Gleanings: Buddhist Wisdom, Christian Enlightenment, American Pseudo-Reality, and the Zen of John Carpenter
Distilled recommendations from reading into the dark
Two months after my last “gleanings” post, here are some new reading recommendations brought back from my recent foragings. There’s no overall thematic clustering this time, as it has been quite a while since I published a links post like this, so the list of things I have wanted to share has piled up to considerable height and variety.
Items include:
advice from Buddhist monk Ajahn Chah on treating psychological states like visitors for whom you have no room
reflections by Jason P. Woodbury on the deep spiritual undercurrents of A Charlie Brown Christmas
Ken Wilber’s lucid account of institutional Christianity’s replacement of spiritual awakening with ecclesiastical authority
Megan Garber on America’s embrace of Plato’s cave and Barnum’s hucksterism, as accurately diagnosed/predicted by Daniel Boorstin
a new interview where John Carpenter shows himself to be resting in a chill state of late-career/retirement-stage detachment
All bolded emphases in quoted passages are added by me.

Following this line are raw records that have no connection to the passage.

Definition C_find (P : pred C) (n : nat) : option C :=
  match excluded_middle_informative (exists x, P x) with
  | left h => Some (proj1_sig (constructive_indefinite_description _ h))
  | right _ => None
  end.
Lemma C_find_correct P n x : C_find P n = Some x -> P x.
Proof.
rewrite /C_find; case: excluded_middle_informative => // h [<-].
exact: proj2_sig (constructive_indefinite_description _ h).
Qed.
Lemma C_find_complete (P : pred C) : (exists x, P x) -> exists n, C_find P n.
Proof. move=> h; exists 0%N; rewrite /C_find; case: excluded_middle_informative => //. Qed.
Lemma C_find_ext (P Q : pred C) : P =1 Q -> C_find P =1 C_find Q.
Proof. move=> /functional_extensionality -> //. Qed.
HB.instance Definition _ := hasChoice.Build C C_find_correct C_find_complete C_find_ext.

Local Open Scope R_scope.
Definition C0 : C := mkC 0 0.
Definition C1 : C := mkC 1 0.
Definition Copp (x : C) : C := mkC (- Rep x) (- Imp x).
Definition Cadd (x y : C) : C := mkC (Rep x + Rep y) (Imp x + Imp y).
Definition Cmul (x y : C) : C :=
  mkC (Rep x * Rep y - Imp x * Imp y) (Rep x * Imp y + Imp x * Rep y).
Definition Cinv (x : C) : C :=
  mkC (Rep x / (Rep x * Rep x + Imp x * Imp x))
      (- Imp x / (Rep x * Rep x + Imp x * Imp x)).

Lemma Cadd_assoc : associative Cadd.
Proof. move=> [a b] [c d] [e f]; rewrite /Cadd /=; f_equal; ring. Qed.
Lemma Cadd_comm : commutative Cadd.
Proof. move=> [a b] [c d]; rewrite /Cadd /=; f_equal; ring. Qed.
Lemma Cadd0 : left_id C0 Cadd.
Proof. move=> [a b]; rewrite /Cadd /=; f_equal; ring. Qed.
Lemma CaddN : left_inverse C0 Copp Cadd.
Proof. move=> [a b]; rewrite /Cadd /C0 /=; f_equal; ring. Qed.
HB.instance Definition _ := GRing.isZmodule.Build C Cadd_assoc Cadd_comm Cadd0 CaddN.

Lemma Cmul_assoc : associative Cmul.
Proof. move=> [a b] [c d] [e f]; rewrite /Cmul /=; f_equal; ring. Qed.
Lemma Cmul_comm : commutative Cmul.
Proof. move=> [a b] [c d]; rewrite /Cmul /=; f_equal; ring. Qed.
Lemma Cmul1 : left_id C1 Cmul.
Proof. move=> [a b]; rewrite /Cmul /=; f_equal; ring. Qed.
Lemma CmulDl : left_distributive Cmul Cadd.
Proof. move=> [a b] [c d] [e f]; rewrite /Cmul /Cadd /=; f_equal; ring. Qed.
Lemma C1_neq0 : C1 != C0.
Proof. apply/eqP => -[h]; lra. Qed.
HB.instance Definition _ :=
  GRing.Zmodule_isComNzRing.Build C Cmul_assoc Cmul_comm Cmul1 CmulDl C1_neq0.

Lemma CmulVf (x : C) : x != 0%R -> (Cinv x * x)%R = 1%R.
Proof.
case: x => a b /eqP hx.
have hn : a * a + b * b <> 0.
  move=> h; apply: hx.
  have ha : a = 0 by nra.
  have hb : b = 0 by nra.
  by rewrite ha hb.
change (Cmul (Cinv (mkC a b)) (mkC a b) = C1).
rewrite /Cmul /Cinv /C1 /=; f_equal; field; exact: hn.
Qed.
Lemma Cinv0 : Cinv 0%R = 0%R.
Proof.
change (Cinv C0 = C0); rewrite /Cinv /C0 /=; f_equal; rewrite /Rdiv;
  replace (0 * 0 + 0 * 0) with 0 by ring; rewrite Rinv_0; ring.
Qed.
HB.instance Definition _ := GRing.ComNzRing_isField.Build C CmulVf Cinv0.
Close Scope R_scope.

Record countable_group := CountableGroup {
  gcar :> Type;
  gmul : gcar -> gcar -> gcar;
  ginv : gcar -> gcar;
  gone : gcar;
  gmulA : forall x y z, gmul x (gmul y z) = gmul (gmul x y) z;
  gmul1 : forall x, gmul gone x = x;
  gmulV : forall x, gmul (ginv x) x = gone;
  gcountable : exists f : gcar -> nat, injective f
}.

Record ultrafilter := Ultrafilter {
  uf_mem : (nat -> Prop) -> Prop;
  uf_full : uf_mem (fun _ => True);
  uf_proper : ~ uf_mem (fun _ => False);
  uf_inter : forall A B, uf_mem A -> uf_mem B -> uf_mem (fun k => A k /\ B k);
  uf_upward : forall A B : nat -> Prop, (forall k, A k -> B k) -> uf_mem A -> uf_mem B;
  uf_ultra : forall A : nat -> Prop, uf_mem A \/ uf_mem (fun k => ~ A k)
}.

Definition nonprincipal (U : ultrafilter) : Prop :=
  forall m : nat, ~ uf_mem U (fun k => k = m).

Local Open Scope R_scope.
Definition is_ulim (U : ultrafilter) (x : nat -> R) (L : R) : Prop :=
  forall eps : R, 0 < eps -> uf_mem U (fun k => Rabs (x k - L) < eps).
Close Scope R_scope.

Definition diverges (n : nat -> nat) : Prop :=
  forall N : nat, exists K : nat, forall k : nat, (K <= k)%N -> (N <= n k)%N.

Local Open Scope ring_scope.

Definition rho (n : nat) (a : 'M[C]_n) : R := Rdiv (INR (\rank a)) (INR n).

(* elements of prod_k GL_{n_k}(C): sequences of invertible matrices *)
Definition mxseq (n : nat -> nat) := forall k : nat, 'M[C]_(n k).
Definition is_GLseq (n : nat -> nat) (a : mxseq n) : Prop :=
  forall k, a k \in unitmx.
Definition mxseq_one (n : nat -> nat) : mxseq n := fun k => 1%:M.
Definition mxseq_mul (n : nat -> nat) (a b : mxseq n) : mxseq n :=
  fun k => a k *m b k.

Definition d_omega_is (U : ultrafilter) (n : nat -> nat) (a b : mxseq n) (L : R) : Prop :=
  is_ulim U (fun k => rho (a k - b k)) L.

(* A group morphism G -> prod_{k->U} GL_{n_k}(C)/d_U, given through a lift
   Phi : G -> prod_k GL_{n_k}(C); Phi(gh) and Phi(g)Phi(h) must have the
   same class in the quotient, i.e. be at d_U-distance 0. *)
Definition ultraprod_morphism (G : countable_group) (U : ultrafilter)
    (n : nat -> nat) (Phi : G -> mxseq n) : Prop :=
  (forall g, is_GLseq (Phi g)) /\
  (forall g h, d_omega_is U (Phi (gmul g h)) (mxseq_mul (Phi g) (Phi h)) R0).

Definition ultraprod_injective (G : countable_group) (U : ultrafilter)
    (n : nat -> nat) (Phi : G -> mxseq n) : Prop :=
  forall g h, d_omega_is U (Phi g) (Phi h) R0 -> g = h.

Definition linear_sofic (G : countable_group) : Prop :=
  exists (U : ultrafilter) (n : nat -> nat) (Phi : G -> mxseq n),
    [/\ nonprincipal U, diverges n, ultraprod_morphism U Phi
      & ultraprod_injective U Phi].

From Pilot Require Import Defs.
From HB Require Import structures.
From Stdlib Require Import Reals.
From mathcomp Require Import all_boot all_order all_algebra.
From Stdlib Require Import Lra Psatz Classical Cantor.
From mathcomp Require Import mxtens zify.
Import Defs.
Set Implicit Arguments. Unset Strict Implicit. Unset Printing Implicit Defensive.
Import GRing.Theory.

(* Write d(a, b) = rk(a - b) / n for the normalized rank distance on M_n(C).
   The proof rests on the amplification map

       T(a) = a (x) diag(a, 1)     in M_{n(2n)}(C)     (Kronecker product),

   which is multiplicative, preserves invertibility, is 3/2-Lipschitz for d,
   and pushes invertible matrices away from the identity:
       d(T a, 1) >= min(9/8 d(a, 1), 1/4).
   Iterating, d(T^t a, T^t b) <= (3/2)^t d(a, b), while
   d(T^t a, 1) >= 1/4 as soon as (9/8)^t d(a, 1) >= 1/4.

   Starting from a linear sofic embedding g |-> (Phi_k(g))_k along U (with all
   dimensions n_k >= 1, which costs a harmless reindexing), the new
   approximation is Psi_(k,t)(g) = T^t(Phi_k(g)), indexed by pairs (k, t)
   coded through Cantor pairing, along the product ultrafilter U (x) U,
   "for U-most t, for U-most k".  For each fixed t the morphism defect
   vanishes along k; for g <> e the distance d(Phi_k(g), 1) stays above some
   eps > 0 on a U-large set, so d(Psi_(k,t)(g), 1) >= 1/4 for all large t. *)

Section KroneckerRank.
Variable F : fieldType.
Local Open Scope ring_scope.

Lemma tens1mx1 m n : (1%:M : 'M[F]_m) *t (1%:M : 'M[F]_n) = 1%:M.
Proof.
apply/matrixP=> i j.
case: (mxtens_indexP i)=> i0 i1; case: (mxtens_indexP j)=> j0 j1.
rewrite tensmxE !mxE -natrM mulnb; congr (_%:R); congr nat_of_bool.
apply/idP/idP; first by case/andP=> /eqP-> /eqP->.
by move/eqP/(can_inj (@mxtens_indexK _ _))=> [-> ->]; rewrite !eqxx.
Qed.

Lemma tensmxBl m n p q (A B : 'M[F]_(m, n)) (C : 'M[F]_(p, q)) :
  (A - B) *t C = A *t C - B *t C.
Proof. by apply/matrixP=> i j; rewrite !mxE mulrBl. Qed.

Lemma tensmxBr m n p q (A : 'M[F]_(m, n)) (B C : 'M[F]_(p, q)) :
  A *t (B - C) = A *t B - A *t C.
Proof. by apply/matrixP=> i j; rewrite !mxE mulrBr. Qed.

(* rk(A (x) B) >= rk A * rk B: sandwiching A (x) B between Kronecker products
   of left/right inverses of the base factors of A and B yields an identity. *)
Lemma rank_tensmx_ge m n p q (A : 'M[F]_(m, n)) (B : 'M[F]_(p, q)) :
  (\rank A * \rank B <= \rank (A *t B))%N.
Proof.
have base_inv k l (X : 'M[F]_(k, l)) :
    exists L D, L *m X *m D = (1%:M : 'M[F]_(\rank X)).
  have [L HL] := row_fullP (col_base_full X).
  have [D HD] := row_freeP (row_base_free X).
  exists L, D; have -> : L *m X = L *m (col_base X *m row_base X) by rewrite mulmx_base.
  by rewrite mulmxA HL mul1mx HD.
have [L [D HA]] := base_inv _ _ A; have [L' [D' HB]] := base_inv _ _ B.
have E : (L *t L') *m (A *t B) *m (D *t D') = 1%:M.
  by rewrite !tensmx_mul HA HB tens1mx1.
have := mxrank1 F (\rank A * \rank B); rewrite -E => <-.
exact: leq_trans (mxrankM_maxl _ _) (mxrankM_maxr _ _).
Qed.

Lemma rank_tensmx_le_left m n p q (A : 'M[F]_(m, n)) (B : 'M[F]_(p, q)) :
  (\rank (A *t B) <= \rank A * p)%N.
Proof.
have -> : A *t B = (col_base A *t 1%:M) *m (row_base A *t B).
  by rewrite tensmx_mul mul1mx mulmx_base.
exact: leq_trans (mxrankM_maxr _ _) (rank_leq_row _).
Qed.

Lemma rank_tensmx_le_right m n p q (A : 'M[F]_(m, n)) (B : 'M[F]_(p, q)) :
  (\rank (A *t B) <= m * \rank B)%N.
Proof.
have -> : A *t B = (1%:M *t col_base B) *m (A *t row_base B).
  by rewrite tensmx_mul mul1mx mulmx_base.
exact: leq_trans (mxrankM_maxr _ _) (rank_leq_row _).
Qed.

Lemma kermx_sub1_fixed n (x : 'M[F]_n) : kermx (x - 1%:M) *m x = kermx (x - 1%:M).
Proof.
by apply/eqP; rewrite -subr_eq0 -{2}[kermx _]mulmx1 -mulmxBr mulmx_ker.
Qed.

End KroneckerRank.

Section Amplification.
Variables (F : fieldType) (n : nat).
Local Open Scope ring_scope.

Definition ampl_block (a : 'M[F]_n) : 'M[F]_(n + n) := block_mx a 0 0 1%:M.

Definition amplify (a : 'M[F]_n) : 'M[F]_(n * (n + n)) := a *t ampl_block a.

Lemma ampl_blockM (a b : 'M[F]_n) :
  ampl_block (a *m b) = ampl_block a *m ampl_block b.
Proof. by rewrite /ampl_block mulmx_block !mulmx0 !mul0mx !addr0 !add0r mulmx1. Qed.

Lemma ampl_block1 : ampl_block 1%:M = 1%:M.
Proof. by rewrite /ampl_block -scalar_mx_block. Qed.

Lemma ampl_blockB (a b : 'M[F]_n) :
  ampl_block a - ampl_block b = block_mx (a - b) 0 0 0.
Proof. by rewrite /ampl_block opp_block_mx add_block_mx !oppr0 !addr0 subrr. Qed.

Lemma rank_ampl_blockB (a b : 'M[F]_n) :
  \rank (ampl_block a - ampl_block b) = \rank (a - b).
Proof. by rewrite ampl_blockB rank_diag_block_mx mxrank0 addn0. Qed.

Lemma amplifyM (a b : 'M[F]_n) : amplify (a *m b) = amplify a *m amplify b.
Proof. by rewrite /amplify tensmx_mul ampl_blockM. Qed.

Lemma amplify_unit (a : 'M[F]_n) : a \in unitmx -> amplify a \in unitmx.
Proof.
rewrite /amplify /ampl_block; case: n a => [|k] a ua.
  by rewrite unitmxE det_mx00 unitr1.
by apply: tensmx_unit => //; rewrite block_diag_mx_unit ua unitmx1.
Qed.

(* Lipschitz estimate: T a - T b = (a - b) (x) diag(a, 1) + b (x) diag(a - b, 0),
   so rk(T a - T b) <= rk(a - b) * 2n + n * rk(a - b). *)
Lemma rank_amplifyB_le (a b : 'M[F]_n) :
  (\rank (amplify a - amplify b)%R <= \rank (a - b)%R * (n + n) + n * \rank (a - b)%R)%N.
Proof.
have -> : amplify a - amplify b
    = (a - b) *t ampl_block a + b *t (ampl_block a - ampl_block b).
  by rewrite /amplify tensmxBl tensmxBr addrA subrK.
apply: leq_trans (mxrank_add _ _) _; apply: leq_add; first exact: rank_tensmx_le_left.
by rewrite -(rank_ampl_blockB a b); exact: rank_tensmx_le_right.
Qed.

End Amplification.

(* With b = diag(a, 1) and c = b^-1, the matrix T a - 1 = a (x) b - 1 has the
   same rank as a (x) 1 - 1 (x) c.  Multiplying the latter on the left by
   1 (x) ker(c - 1) and by ker(a - 1) (x) 1 isolates the blocks
   P = (a - 1) (x) ker(c - 1) and Q = ker(a - 1) (x) (1 - c), and killing Q by a
   right factor 1 (x) Z with (1 - c) Z = 0 splits their ranks. *)
Section AmplifyLowerBound.
Variables (F : fieldType) (n : nat) (a : 'M[F]_n).
Hypothesis a_unit : a \in unitmx.
Local Open Scope ring_scope.

Let b := ampl_block a.
Let c := ampl_block (invmx a).
Let r := \rank (a - 1%:M).

Lemma ampl_block_mulV : b *m c = 1%:M.
Proof. by rewrite /b /c -ampl_blockM mulmxV // ampl_block1. Qed.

Ajahn Chah on psychological visitors and the occupied seat of your awareness
Maybe I’m just succumbing to hyperbole, but I am more than a little convinced that the whole secret of living is contained in this delightful excerpt from the teachings of renowned Thai Buddhist monk Ajahn Chah:
I see the mind as merely a single point. Psychological states are guests who come to visit this spot. Sometimes this person comes to call; sometimes that person pays a visit. They come to the visitor centre. Train the mind to watch and know them all with the eyes of alert awareness. This is how you care for your heart and mind. Whenever a visitor approaches you wave them away. If you allow them to enter, where are they going to sit down? There’s only one seat, and you’re sitting in it. Spend the whole day in this one spot.
This is the Buddha’s firm and unshakeable awareness that watches over and protects the mind. You’re sitting right here. Since the moment you emerged from the womb, every visitor that’s ever come to call has arrived right here. No matter how often they come, they always come to this same spot, right here. Knowing them all, the Buddha’s awareness sits alone, firm and unshakeable. Those visitors journey here seeking to exert influence, to condition and sway your mind in various ways. When they succeed in getting the mind entangled in their issues, psychological states arise. Whatever the issue is, wherever it seems to be leading, just forget it — it doesn’t matter. Simply know who the guests are as they arrive. Once they’ve dropped by they will find that there’s only one chair, and as long as you’re occupying it they will have nowhere to sit down. They come thinking to fill your ear with gossip, but this time there’s no room for them to sit.
MORE: This Is the Buddha’s Firm and Unshakeable Awareness
Jason P. Woodbury on A Charlie Brown Christmas, the Vince Guaraldi Trio, and the promises of fearsome angels
Speaking of delightful — and also, for that matter, of Buddhism — this recent reflection from Jason P. Woodbury in his Substack blog is nothing if not that. It’s also quite moving and insightful in its fusion of the three named topics. Additionally: Why did I never know that Jerry Granelli, drummer for the Vince Guaraldi Trio, was a Buddhist?
Despite the fact that Coca Cola paid for and commissioned it, the animated special stands as one of pop culture’s most honest accountings of the disillusioning way “holiday spirit” so often manifests as blatant consumerism and the forlorn sensation that arises from feeling like you’re participating in the season “incorrectly.”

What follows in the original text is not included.